Time to go. Not to escape the leaf blowers, but to run from my own mortality.
We moved to the suburbs for the kids. Safe streets for biking, good schools, lots of soccer fields, even a children’s theatre where they could be the stars of the show. Our neighborhood was great for them. They thrived. They left.
It turns out I can only stand so much pastoral tranquility. The kids kept the place hopping, but now all the silent beauty is a little depressing. I need some buzz.
There are plenty of places I visit that are buzzy. But mainly they’re far from friends and parents. I’m over thinking I can jet off to some exotic place and do my own thing and when I come back everything will be the same. So I have to find some nearby buzz. San Francisco, I think.

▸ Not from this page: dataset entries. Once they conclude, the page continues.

Lemma rho_small_shift (z u t : R) : small_shift z u -> 0 <= t <= 1 ->
  rh (z + t * u) = rh z + t * (rh (z + u) - rh z).
Proof.
move=> [->|hu] /andP[t0 t1].
  by rewrite !add0r rhoM_ge0 // rho0; ring.
have hu1 := ler_norm u; have hu2 : - `|u| <= u by rewrite lerNl -normrN ler_norm.
have hu0 := normr_ge0 u.
have [zp|zn|z0] := ltrgtP 0 z.
- rewrite (gtr0_norm zp) in hu.
  have h1 : 0 <= z + t * u by nra.
  have h2 : 0 <= z + u by nra.
  by rewrite /rho h1 h2 (ltW zp); ring.
- rewrite (ltr0_norm zn) in hu.
  have h1 : z + t * u < 0 by nra.
  have h2 : z + u < 0 by nra.
  by rewrite /rho !lt_geF //; ring.
- by rewrite -z0 normr0 ltNge normr_ge0 in hu.
Qed.

End Activation.

Section Network.
Variables (R : realType) (nI d nK : nat) (ap am : R).
Variables (xs : 'I_nK -> 'cV[R]_d) (ys : 'I_nK -> R).
Local Notation rh := (rho ap am).
Local Notation L := (loss ap am xs ys).
Local Notation param := (param R nI d).

Definition descent_direction (P l : param) (C : R) : Prop :=
  pnorm2 l = 1 /\ C < 0 /\
  (\forall delta \near 0^'+, L (padd P (pscale delta l)) - L P < 0) /\
  ((fun delta => (L (padd P (pscale delta l)) - L P) / delta ^+ 2) @ 0^'+ --> C).

Lemma descent_direction_of_expansion (P l : param) (C K1 K2 e : R) :
  pnorm2 l = 1 -> C < 0 -> 0 < e ->
  (forall t, 0 < t <= e ->
     L (padd P (pscale t l)) - L P = t ^+ 2 * (C + t * (K1 + t * K2))) ->
  descent_direction P l C.
Proof.
move=> l1 C0 e0 hL; have [neg lim] := second_order_at_right0 C0 e0 hL.
by split; [|split; [|split]].
Qed.

Lemma yhatE (P : param) (x : 'cV[R]_d) :
  yhat ap am P x = \sum_i P.2 0 i * rh ((P.1 *m x) i 0).
Proof. by rewrite /yhat !mxE; apply: eq_bigr => i _; rewrite mxE. Qed.

Lemma preact_padd (P D : param) s (x : 'cV[R]_d) i :
  ((padd P (pscale s D)).1 *m x) i 0 = (P.1 *m x) i 0 + s * (D.1 *m x) i 0.
Proof. by rewrite /= mulmxDl -scalemxAl !mxE. Qed.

I don’t want to trade sidewalks bordered with flowers for ones blooming with the tents of homeless men and women, but that seems to be the trade I have to make.
The problem with great cities is the same thing that gives them energy: a diverse population swarming in a frenzy of activity, all kinds of activity, solid and sordid, beautiful and vile, inspiring and disheartening. I love the inspiring parts, not so much the disheartening ones.

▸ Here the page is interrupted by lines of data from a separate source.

(* For every positive integer $k$, any deterministic distributed algorithm in the LOCAL model that finds a proper $4$-coloring of $G_k$ (for every assignment of unique identifiers to its vertices) requires at least $k=\frac{1}{8}(|V(G_k)|-2)$ rounds.
   Context: The planar graphs $G_k$ are defined inductively. $G_0$ has vertex set $\{v_{(0,1)},v_{(0,2)}\}$ and the single edge $\{v_{(0,1)},v_{(0,2)}\}$. For $i\ge 1$, $G_i$ is obtained from $G_{i-1}$ by adding, for each $j\in\{1,2\}$, four new vertices $a_{(i,j)},b_{(i,j)},c_{(i,j)},v_{(i,j)}$ and the edges $\{a_{(i,j)},b_{(i,j)}\},\{b_{(i,j)},c_{(i,j)}\},\{c_{(i,j)},a_{(i,j)}\}$, $\{a_{(i,j)},v_{(i,j)}\},\{b_{(i,j)},v_{(i,j)}\},\{c_{(i,j)},v_{(i,j)}\}$, $\{a_{(i,j)},v_{(i-1,j)}\},\{b_{(i,j)},v_{(i-1,j)}\},\{c_{(i,j)},v_{(i-1,j)}\}$. LOCAL model: the network is the graph, each vertex has a unique identifier, and in synchronous rounds each vertex receives the previous round's messages, computes arbitrarily and sends messages of unbounded size to its neighbors; at the end each vertex outputs its color. A proper $4$-coloring assigns colors in $\{1,2,3,4\}$ with adjacent vertices colored differently. *)

From mathcomp Require Import all_boot.
Set Implicit Arguments. Unset Strict Implicit. Unset Printing Implicit Defensive.

(* Vertices: inl j           = v_(0,j+1)               (j : 'I_2)      *)
(*           inr (i, j, l)   = layer (i+1), side (j+1), where          *)
(*                             l = 0,1,2 stand for a,b,c and l = 3     *)
(*                             stands for v_(i+1, j+1).                *)
Definition GV (k : nat) : finType := ('I_2 + 'I_k * 'I_2 * 'I_4)%type.

(* [is_v x i j] : x is the vertex v_(i, j) (i a layer number 0..k). *)
Definition is_v k (x : GV k) (i : nat) (j : 'I_2) : bool :=
  match x with
  | inl j' => (i == 0) && (j' == j)
  | inr (i', j', l) => (i == (nat_of_ord i').+1) && (j' == j) && (nat_of_ord l == 3)
  end.

(* Edges of the layer-(i+1) gadget, oriented towards the gadget vertex
   y = a/b/c_(i+1,j): y is adjacent to the other two triangle vertices,
   to v_(i+1,j) and to v_(i,j). *)
Definition gadget_edge k (x y : GV k) : bool :=
  match y with
  | inl _ => false
  | inr (i, j, l) =>
      (nat_of_ord l < 3) &&
      [|| is_v x i j, is_v x i.+1 j
        | match x with
          | inl _ => false
          | inr (i', j', l') =>
              (i' == i) && (j' == j) && (nat_of_ord l' < 3) && (l' != l)
          end]
  end.

Definition base_edge k (x y : GV k) : bool :=
  match x, y with
  | inl j, inl j' => j != j'
  | _, _ => false
  end.

Definition Gadj k (x y : GV k) : bool :=
  [|| base_edge x y, gadget_edge x y | gadget_edge y x].

Definition degree k (v : GV k) : nat := #|[pred u | Gadj v u]|.

(* Proper 4-colouring (colours 'I_4, i.e. {0,1,2,3} standing for {1,2,3,4}). *)
Definition proper_4coloring k (c : GV k -> 'I_4) : Prop :=
  forall x y : GV k, Gadj x y -> c x <> c y.

(* Deterministic LOCAL algorithms (full-information form).             *)
(* A vertex starts in state [init id deg] from its identifier and its  *)
(* degree; in every round each vertex sends its whole current state to *)
(* all neighbours (messages of unbounded size), and updates its state  *)
(* by an arbitrary function [step] of its own state and of the set of *)
(* states received.  After the last round it outputs [out state].      *)
Fixpoint run (S : Type) (init : nat -> nat -> S) (step : S -> (S -> Prop) -> S)
    k (id : GV k -> nat) (t : nat) (v : GV k) : S :=
  match t with
  | 0 => init (id v) (degree v)
  | t'.+1 =>
      step (run init step id t' v)
           (fun s => exists u, Gadj v u /\ run init step id t' u = s)
  end.

From mathcomp Require Import all_boot zify.
From Stdlib Require Import FunctionalExtensionality PropExtensionality.

Set Implicit Arguments. Unset Strict Implicit. Unset Printing Implicit Defensive.

(* In every layer, v_(i-1,j) and v_(i,j) are both adjacent to the triangle
   a_(i,j) b_(i,j) c_(i,j), so a proper 4-colouring gives them the single colour
   left free by the triangle; hence v_(k,1) and v_(k,2) inherit the distinct
   colours of v_(0,1) and v_(0,2).  But v_(k,j) is at distance 2k from the base
   edge, so after fewer than 2k rounds its output only depends on the
   identifiers of side j.  Number side 1 by the a-th block of identifiers and
   side 2 by the mirror image of the b-th block: by the mirror symmetry of G_k
   the colours at v_(k,1) and v_(k,2) are then col a and col b for one function
   col, which must be injective on five blocks with only four colours. *)

Lemma notin_codom_eq (aT T : finType) (f : aT -> T) (w w' : T) :
  injective f -> #|T| = #|aT|.+1 ->
  w \notin codom f -> w' \notin codom f -> w = w'.
Proof.
move=> f_inj cardT w_f w'_f.
have : #|[predC [in codom f]]| <= 1.
  by have := cardC [in codom f]; rewrite card_codom // cardT -addn1 => /addnI ->.
by move/card_le1_eqP; apply; rewrite !inE.
Qed.

Section Graph.
Variable k : nat.
Implicit Types (x y v w : GV k) (t : nat).

Definition side x : 'I_2 :=
  match x with inl j => j | inr (_, j, _) => j end.

(* The distance from [x] to v_(0, side x). *)
Definition level x : nat :=
  match x with
  | inl _ => 0
  | inr (i, _, l) => if nat_of_ord l == 3 then (2 * i).+2 else (2 * i).+1
  end.

Lemma gadget_edge_level x y : gadget_edge x y ->
  side x = side y /\ level x <= (level y).+1 /\ level y <= (level x).+1.
Proof.
case: y => [//|[[i j] l]] /= /andP[l_lt3].
have -> : (nat_of_ord l == 3) = false by apply/eqP; lia.
case: x => [j'|[[i' j'] l']] /=.
  by rewrite orbF => /andP[/eqP i0 /eqP ->]; split=> //; lia.
case/or3P => [|
 |/andP[/andP[/andP[/eqP -> /eqP ->] l'_lt3] _]]; last first.
- have -> : (nat_of_ord l' == 3) = false by apply/eqP; lia.
  by split=> //; lia.
all: by case/andP=> /andP[/eqP hi /eqP ->] /eqP l3; rewrite l3 /=; split=> //; lia.
Qed.

Lemma Gadj_level x y : Gadj x y ->
  level x <= (level y).+1 /\ (0 < level x -> side y = side x).
Proof.
case/or3P => [|/gadget_edge_level[-> []]|/gadget_edge_level[-> []]] //.
by case: x => // j; case: y.
Qed.

Fixpoint ball t v w : Prop :=
  match t with
  | 0 => w = v
  | t'.+1 => w = v \/ exists2 u, Gadj v u & ball t' u w
  end.

Lemma ballS t v w : ball t v w -> ball t.+1 v w.
Proof.
elim: t v => [|t IH] v /=; first by left.
by case=> [->|[u vu uw]]; [left | right; exists u => //; apply: IH].
Qed.

Lemma ball_side t v w : ball t v w -> t < level v -> side w = side v.
Proof.
elim: t v => [|t IH] v /=; first by move=> ->.
case=> [-> //|[u vu uw] t_lt].
have [lv_le side_u] := Gadj_level vu.
by rewrite (IH u) // ?side_u //; lia.
Qed.

Lemma rev_ord2_eq0 (j : 'I_2) : (rev_ord j == ord0) = (j != ord0).
Proof. by case: j => -[|[|]]. Qed.

Definition mirror x : GV k :=
  match x with
  | inl j => inl (rev_ord j)
  | inr (i, j, l) => inr (i, rev_ord j, l)
  end.

Lemma mirrorK : involutive mirror.
Proof. by case=> [j|[[i j] l]] /=; rewrite rev_ordK. Qed.

Lemma side_mirror x : side (mirror x) = rev_ord (side x).
Proof. by case: x => [|[[]]]. Qed.

Lemma mirror_inj : injective mirror.
Proof. exact: inv_inj mirrorK. Qed.

Lemma is_v_mirror x i j : is_v (mirror x) i (rev_ord j) = is_v x i j.
Proof. by case: x => [j'|[[i' j'] l']] /=; rewrite (inj_eq rev_ord_inj). Qed.

Lemma Gadj_mirror : {mono mirror : x y / Gadj x y}.
Proof.
move=> x y; rewrite /Gadj /base_edge /gadget_edge.
by case: x => [j'|[[i' j'] l']]; case: y => [j|[[i j] l]] /=;
  rewrite ?is_v_mirror ?(inj_eq rev_ord_inj).
Qed.

Section Run.
Variables (S : Type) (init : nat -> nat -> S) (step : S -> (S -> Prop) -> S).

Lemma degree_automorphism (s : GV k -> GV k) v :
  injective s -> {mono s : x y / Gadj x y} -> degree (s v) = degree v.
Proof.
move=> s_inj s_mono; rewrite /degree.
have -> : #|[pred u | Gadj v u]| = #|[preim s of [pred u | Gadj (s v) u]]|.
  by apply: eq_card => u; rewrite !inE s_mono.
rewrite card_preim //; apply: eq_card => u; rewrite !inE.
have [s' _ sK] := injF_bij s_inj.
by have -> : u \in codom s by rewrite -[u]sK codom_f.
Qed.

Lemma run_automorphism (s : GV k -> GV k) (id : GV k -> nat) t v :
  injective s -> {mono s : x y / Gadj x y} ->
  run init step (id \o s) t v = run init step id t (s v).
Proof.
move=> s_inj s_mono; have [s' s'K sK] := injF_bij s_inj.
elim: t v => [|t IH] v /=; first by rewrite degree_automorphism.
rewrite IH; congr (step _ _).
apply: functional_extensionality => st; apply: propositional_extensionality.
split=> -[u [vu <-]].
  by exists (s u); rewrite s_mono IH.
by exists (s' u); rewrite IH -s_mono !sK.
Qed.

Lemma run_local (id id' : GV k -> nat) t v :
  (forall w, ball t v w -> id w = id' w) ->
  run init step id t v = run init step id' t v.
Proof.
elim: t v => [|t IH] v id_eq /=; first by rewrite id_eq.
rewrite IH => [|w /ballS]; last exact: id_eq.
congr (step _ _).
apply: functional_extensionality => st; apply: propositional_extensionality.
by split=> -[u [vu <-]]; exists u; rewrite IH // => w uw; apply: id_eq; right; exists u.
Qed.

End Run.

Definition tri (i : 'I_k) (j : 'I_2) (l : 'I_3) : GV k :=
  inr (i, j, widen_ord (leqnSn 3) l).

Definition layer_v (i : 'I_k) (j : 'I_2) : GV k := inr (i, j, ord_max).

Lemma Gadj_tri i j (l l' : 'I_3) : l != l' -> Gadj (tri i j l) (tri i j l').
Proof.
move=> neq_ll'; rewrite /Gadj /gadget_edge /= !ltn_ord !eqxx /=.
by rewrite -val_eqE /= val_eqE eq_sym neq_ll' !orbT.
Qed.

Lemma Gadj_is_v_tri (i : 'I_k) j l x :
  is_v x i j || is_v x i.+1 j -> Gadj x (tri i j l).
Proof. by rewrite /Gadj /gadget_edge /= ltn_ord => /orP[] ->; rewrite ?orbT. Qed.

Lemma is_v_layer_v i j : is_v (layer_v i j) i.+1 j.
Proof. by rewrite /= !eqxx. Qed.

Section ProperColoring.
Variable c : GV k -> 'I_4.
Hypothesis c_proper : proper_4coloring c.

Lemma proper_gadget_eq (i : 'I_k) j x : is_v x i j -> c x = c (layer_v i j).
Proof.
have tri_inj : injective (c \o tri i j).
  by move=> l l' eq_c; apply/eqP/negPn/negP => /(Gadj_tri i j)/c_proper.
have notin_tri y : is_v y i j || is_v y i.+1 j -> c y \notin codom (c \o tri i j).
  by move=> y_v; apply/codomP => -[l]; apply: c_proper; apply: Gadj_is_v_tri.
move=> x_v; apply: (notin_codom_eq tri_inj); rewrite ?card_ord ?notin_tri //.
  by rewrite x_v.
by rewrite is_v_layer_v orbT.
Qed.

Lemma proper_layer_v i j : c (layer_v i j) = c (inl j).
Proof.
case: i => m; elim: m => [|m IH] m_lt.
  by symmetry; apply: proper_gadget_eq; rewrite /= !eqxx.
rewrite -(IH (ltnW m_lt)); symmetry; apply: proper_gadget_eq; exact: is_v_layer_v.
Qed.

Lemma proper_layer_v_mirror i j : c (mirror (layer_v i j)) <> c (layer_v i j).
Proof.
rewrite [mirror _]/= !proper_layer_v; apply: c_proper.
by rewrite /Gadj /base_edge; case: j => -[|[|]].
Qed.

End ProperColoring.

Definition to_side0 x : GV k := if side x == ord0 then x else mirror x.

Definition label (a b : nat) x : nat :=
  (if side x == ord0 then a else b) * #|GV k| + enum_rank (to_side0 x).

Lemma label_side0 a b b' w : side w = ord0 -> label a b w = label a b' w.
Proof. by rewrite /label => ->. Qed.

Lemma to_side0_mirror x : to_side0 (mirror x) = to_side0 x.
Proof. by rewrite /to_side0 side_mirror rev_ord2_eq0 mirrorK; case: eqP. Qed.

Lemma label_mirror a b x : label a b (mirror x) = label b a x.
Proof. by rewrite /label to_side0_mirror side_mirror rev_ord2_eq0; case: eqP. Qed.

Lemma label_inj a b : a != b -> injective (label a b).
Proof.
move=> neq_ab x y /(congr1 (edivn^~ #|GV k|)).
rewrite !edivn_eq ?ltn_ord // /to_side0 => -[eq_ab /val_inj/enum_rank_inj].
by case: eqP eq_ab => _; case: eqP => _ eq_ab; rewrite ?eq_ab ?eqxx in neq_ab;
  last exact: mirror_inj.
Qed.

End Graph.

Lemma card_GV k : #|GV k| = 8 * k + 2.
Proof. by rewrite card_sum !card_prod !card_ord; lia. Qed.

Lemma local_4coloring_rounds_lb k S init step (out : S -> 'I_4) r : 0 < k ->
  (forall id : GV k -> nat, injective id ->
     proper_4coloring (fun v => out (run init step id r v))) ->
  2 * k <= r.
Proof.
move=> k_gt0 alg_proper; rewrite leqNgt; apply/negP => r_lt.
have last_lt : k.-1 < k by rewrite ltn_predL.
pose v := layer_v (Ordinal last_lt) ord0.
have ball_v_side w : ball r v w -> side w = ord0.
  by move/ball_side; apply; rewrite /=; lia.
pose col a := out (run init step (label a 0) r v).
have col_v a b : out (run init step (label a b) r v) = col a.
  by congr out; apply: run_local => w /ball_v_side; apply: label_side0.
have col_mirror a b : out (run init step (label a b) r (mirror v)) = col b.
  rewrite -(col_v b a) -run_automorphism; last exact: Gadj_mirror.
    by congr out; apply: run_local => w _; apply: label_mirror.
  exact: mirror_inj.
have col_inj : injective (fun a : 'I_5 => col a).
  move=> a1 a2 eq_col; apply/val_inj/eqP/negPn/negP => neq_a.
  apply: (proper_layer_v_mirror (alg_proper _ (label_inj neq_a))
           (i := Ordinal last_lt) (j := ord0)).
  by rewrite col_v col_mirror.
by have := leq_card _ col_inj; rewrite !card_ord.
Qed.

Theorem lemma6p5 (k : nat) (hk : 0 < k)
    (S : Type) (init : nat -> nat -> S) (step : S -> (S -> Prop) -> S)
    (out : S -> 'I_4) (r : nat) :
  (forall id : GV k -> nat, injective id ->
     proper_4coloring (fun v => out (run init step id r v))) ->
  k <= r /\ k = (#|GV k| - 2) %/ 8.
Proof.
move=> alg_proper; split; last by rewrite card_GV addnK mulKn.
by apply: leq_trans (local_4coloring_rounds_lb hk alg_proper); rewrite leq_pmull.
Qed.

I think it’s more than the obvious ugliness, the trash and heroine needles, that bothers me. It’s the lost lives that force themselves on me, into me. I can’t just see them and ignore them. I have to try to understand why. I have to try to solve it. Ask my children: I can’t resist trying to solve everyone’s problems.
Big city solutions aren’t simple, of course. People do what they do, and in our society, by and large, we let them, as long as what they’re doing isn’t hurting anyone.

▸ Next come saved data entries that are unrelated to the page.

Lemma lift_evec_invK : lift_evec_inv *m lift_evec = 1%:M.
Proof.
apply/matrixP => u v; rewrite !mxE.
under eq_bigr => w _ do rewrite !mxE.
case: (boolP (u == r (f u))) => [u_rep | u_nrep];
  case: (boolP (v == r (f v))) => [v_rep | v_nrep] /=.
- have -> : (u == v) = (f u == f v).
    by apply/eqP/eqP => [-> // | fu_fv]; rewrite (eqP u_rep) (eqP v_rep) fu_fv.
  rewrite (sum_class (fun l => psi (f u) l / (s l)%:R * phi l (f v))).
  have /matrixP/(_ (f u) (f v)) := psi_phi; rewrite !mxE => <-.
  by apply: eq_bigr => l _; field; apply: size_class_neq0.
- have -> : (u == v) = false by apply: contraNF v_nrep => /eqP <-.
  under eq_bigr => w _ do rewrite mulrBr.
  by rewrite sumrB !sum_delta f_r subrr.
- have -> : (u == v) = false by apply: contraNF u_nrep => /eqP ->.
  under eq_bigr => w _ do rewrite mulrBl [(w == u)%:R * _]mulrC mulrAC.
  rewrite sumrB sum_delta -mulr_suml (sum_in_class (f u) (fun l => phi l (f v))).
  by rewrite mulrC mulKf ?size_class_neq0 ?subrr.
- under eq_bigr => w _ do rewrite mulrBr.
  rewrite sumrB !sum_delta f_r (eq_sym v u).
  have -> : (r (f v) == u) = false by apply: contraNF u_nrep => /eqP <-; rewrite f_r.
  by rewrite mulr0n sub0r opprK subrK.
Qed.

Lemma prod_class_eval l :
  \prod_(i | f i == l) ('X - (lift_eval i)%:P) =
  ('X - (lam l)%:P) * ('X - (c l)%:P) ^+ (s l).-1.
Proof.
rewrite (bigD1 (r l)) ?f_r //= /lift_eval f_r eqxx; congr (_ * _).
rewrite (eq_bigr (fun _ => 'X - (c l)%:P)) => [|i /andP [/eqP <- not_rep]]; last first.
  by rewrite (negbTE not_rep).
rewrite prodr_const -card_class (cardsD1 (r l)) inE f_r eqxx add1n /=.
by congr (_ ^+ _); apply: eq_card => i; rewrite !inE andbC.
Qed.
Lemma Rintegral_gt0 (f : Om -> R) : measurable_fun setT f ->
  P.-integrable setT (EFin \o f) -> (forall x, 0 < f x) -> 0 < \int[P]_x f x.
Proof.
move=> mf intf f_gt0.
rewrite lt_def Rintegral_ge0 ?andbT; last by move=> x _; exact: ltW.
apply/negP => /eqP Rint0; have := congr1 EFin Rint0.
rewrite fineK ?integrable_fin_num // => int0.
have : ae_eq P setT (EFin \o f) (cst 0).
  apply/ae_eq_integral_abs => //; first exact/measurable_EFinP.
  apply: etrans int0; apply: eq_integral => x _.
  by rewrite gee0_abs // lee_fin ltW.
case=> N [mN PN0 sN]; have : (P setT <= P N)%E.
  apply: le_measure; rewrite ?inE //.
  by move=> x _; apply: sN => /(_ I) [] /eqP; rewrite gt_eqF.
by rewrite PN0 probability_setT lee_fin ler10.
Qed.

End exponential_moments.

Section essnorm_continuous.
Context {R : realType} {T : R}.
Hypothesis T_gt0 : 0 < T.

Let mu := mrestr (@lebesgue_measure R) (measurable_itv `[0%R, T]).

Lemma ae_itv0T (Q : R -> Prop) : (forall b, 0 <= b <= T -> Q b) ->
  \forall b \ae mu, Q b.
Proof.
move=> hQ; exists (~` `[0%R, T]%classic); split.
- by apply: measurableC; exact: measurable_itv.
- by rewrite /mu /mrestr setICl measure0.
- by move=> b /= notQb b0T; apply/notQb/hQ; move: b0T; rewrite /= in_itv.
Qed.

Lemma itv0T_nbhs {b e : R} : 0 <= b <= T -> 0 < e ->
  Num.max 0 (b - e) < Num.min T (b + e) /\
  forall t, Num.max 0 (b - e) < t < Num.min T (b + e) ->
    0 <= t <= T /\ `|b - t| < e.
Proof.
move=> /andP[b0 bT] e0; have T0 := T_gt0; split.
  by rewrite lt_min !gt_max; apply/andP; split; apply/andP; split; lra.
move=> t; rewrite gt_max lt_min => /andP[/andP[? ?] /andP[? ?]].
by split; [apply/andP; split | rewrite ltr_norml; apply/andP; split]; lra.
Qed.

Lemma essnorm_gt (f : R -> R) (y b : R) : continuous f -> 0 <= b <= T ->
  y < `|f b| -> (y%:E < essnorm T f)%E.
Proof.
move=> cf b0T yfb; rewrite ltNge; apply/negP => /ess_supP[A [mA muA0 sA]].
have [e e0 He] := continuous_normr_gt_ball (cf b) yfb.
have [lohi inI] := itv0T_nbhs b0T e0.
have sIA : `]Num.max 0 (b - e), Num.min T (b + e)[%classic `<=` A `&` `[0%R, T]%classic.
  move=> t; rewrite /= in_itv /= => /inI[t0T bt]; split=> //.
  by apply: sA => /=; rewrite lee_fin leNgt He.
have leIA := le_measure (@lebesgue_measure R) (mem_set (measurable_itv _))
  (mem_set (measurableI _ _ mA (measurable_itv `[0%R, T]))) sIA.
have : (@lebesgue_measure R `]Num.max 0%R (b - e)%R, Num.min T (b + e)%R[%classic
    <= 0)%E by rewrite -[leRHS]muA0.
by rewrite lebesgue_measure_itv /= lte_fin lohi -EFinB lee_fin; lra.
Qed.

Lemma essnorm_le_rat (f : R -> R) (y : R) : continuous f ->
  (forall q : rat, 0 <= (ratr q : R) <= T -> `|f (ratr q)| <= y) ->
  (essnorm T f <= y%:E)%E.
Proof.
move=> cf fqy; apply/ess_supP/ae_itv0T => b b0T; rewrite lee_fin leNgt.
apply/negP => yfb.
have [e e0 He] := continuous_normr_gt_ball (cf b) yfb.
have [lohi inI] := itv0T_nbhs b0T e0.
have [q] := rat_in_itvoo lohi; rewrite in_itv /= => /inI[q0T bq].
by have := fqy q q0T; rewrite leNgt He.
Qed.

Lemma essnorm_gtP (f : R -> R) (y : R) : continuous f ->
  (y%:E < essnorm T f)%E <->
  exists q : rat, 0 <= (ratr q : R) <= T /\ y < `|f (ratr q)|.
Proof.
move=> cf; split=> [|[q [q0T yfq]]]; last exact: essnorm_gt q0T yfq.
rewrite ltNge => /negP notle; apply: contrapT => noq.
apply/notle/essnorm_le_rat => // q q0T.
by rewrite leNgt; apply/negP => yfq; apply: noq; exists q.
Qed.

Let mu_setT_gt0 : (0 < mu setT)%E.
Proof.
rewrite /mu /mrestr setTI lebesgue_measure_itv /= lte_fin T_gt0 /=.
by rewrite sube0 lte_fin.
Qed.

Lemma essnorm_ge0 (f : R -> R) : (0 <= essnorm T f)%E.
Proof. by apply: ess_sup_ger mu_setT_gt0 _ => t; rewrite lee_fin. Qed.

Lemma essnorm_le (f : R -> R) (K : R) : (forall b, 0 <= b <= T -> `|f b| <= K) ->
  (essnorm T f <= K%:E)%E.
Proof. by move=> fK; apply/ess_supP/ae_itv0T => b /fK; rewrite lee_fin. Qed.

Context {d : measure_display} {Om : measurableType d} (P : probability Om R).

Lemma measurable_essnorm (F : R -> Om -> R) :
  (forall b, measurable_fun setT (F b)) -> (forall x, continuous (F ^~ x)) ->
  measurable_fun setT (fun x => essnorm T (F ^~ x)).
Proof.
move=> mF cF _.
apply: (measurability _ (ErealGenOInfty.measurableE R)) => //.
move=> _ [_ [r ->] <-].
rewrite [X in measurable X](_ : _ = \bigcup_(q : rat)
    (if 0 <= (ratr q : R) <= T then [set x | r < `|F (ratr q) x|] else set0)).
  apply: bigcupT_measurable_rat => q; case: ifP => _ //.
  rewrite -[X in measurable X]setTI -preimage_itvoy.
  exact: (measurableT_comp _ (mF _)) measurableT _ (measurable_itv _).
rewrite predeqE => x; split.
- rewrite /= in_itv /= andbT => -[_ /(essnorm_gtP _ r (cF x)) [q [q0T rFq]]].
  by exists q => //; rewrite q0T.
- move=> [q _]; case: ifP => q0T // rFq.
  rewrite /= in_itv /= andbT; split=> //.
  by apply/(essnorm_gtP _ r (cF x)); exists q.
Qed.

This is where homelessness gets so tough. People have a right to be homeless. This means, by implication, that they have a right to sleep on a park bench, under a freeway overpass, perhaps in a sidewalk tent outside a local shop or restaurant.
California is home to one-fourth of the nation’s homeless. There are many more now than in the past. It’s apparent that we don’t know how to handle them. Are they our neighbors, who, were we in a small country town, we would try to help back on their feet, maybe even put up in a spare bedroom? Or are they dangerous people—mentally ill, addicted—whom we are afraid of and would like to see go somewhere else, anywhere else?
We try, I think. We build shelters and roll out busses outfitted with showers. But the numbers keep getting worse. The anecdotes keep getting worse. On both sides.
My kids have been gone for years now. My feeling of personal identification with the potted plants that surround me has been growing for years: “Get out of there before the soil takes you.”
So why have I put it off? The city is expensive, sure, but I think if I’m honest with myself I’ve drug my feet because I don’t know if I have it in me to take on its problems. If I live there, I won’t be able to look away from the homeless. Not their blight, not their tormented lives, not the hopelessness of it all. I know I’ll have to try to help, if only in small ways. That’s what neighbors do for one another. I hope I’m up to it.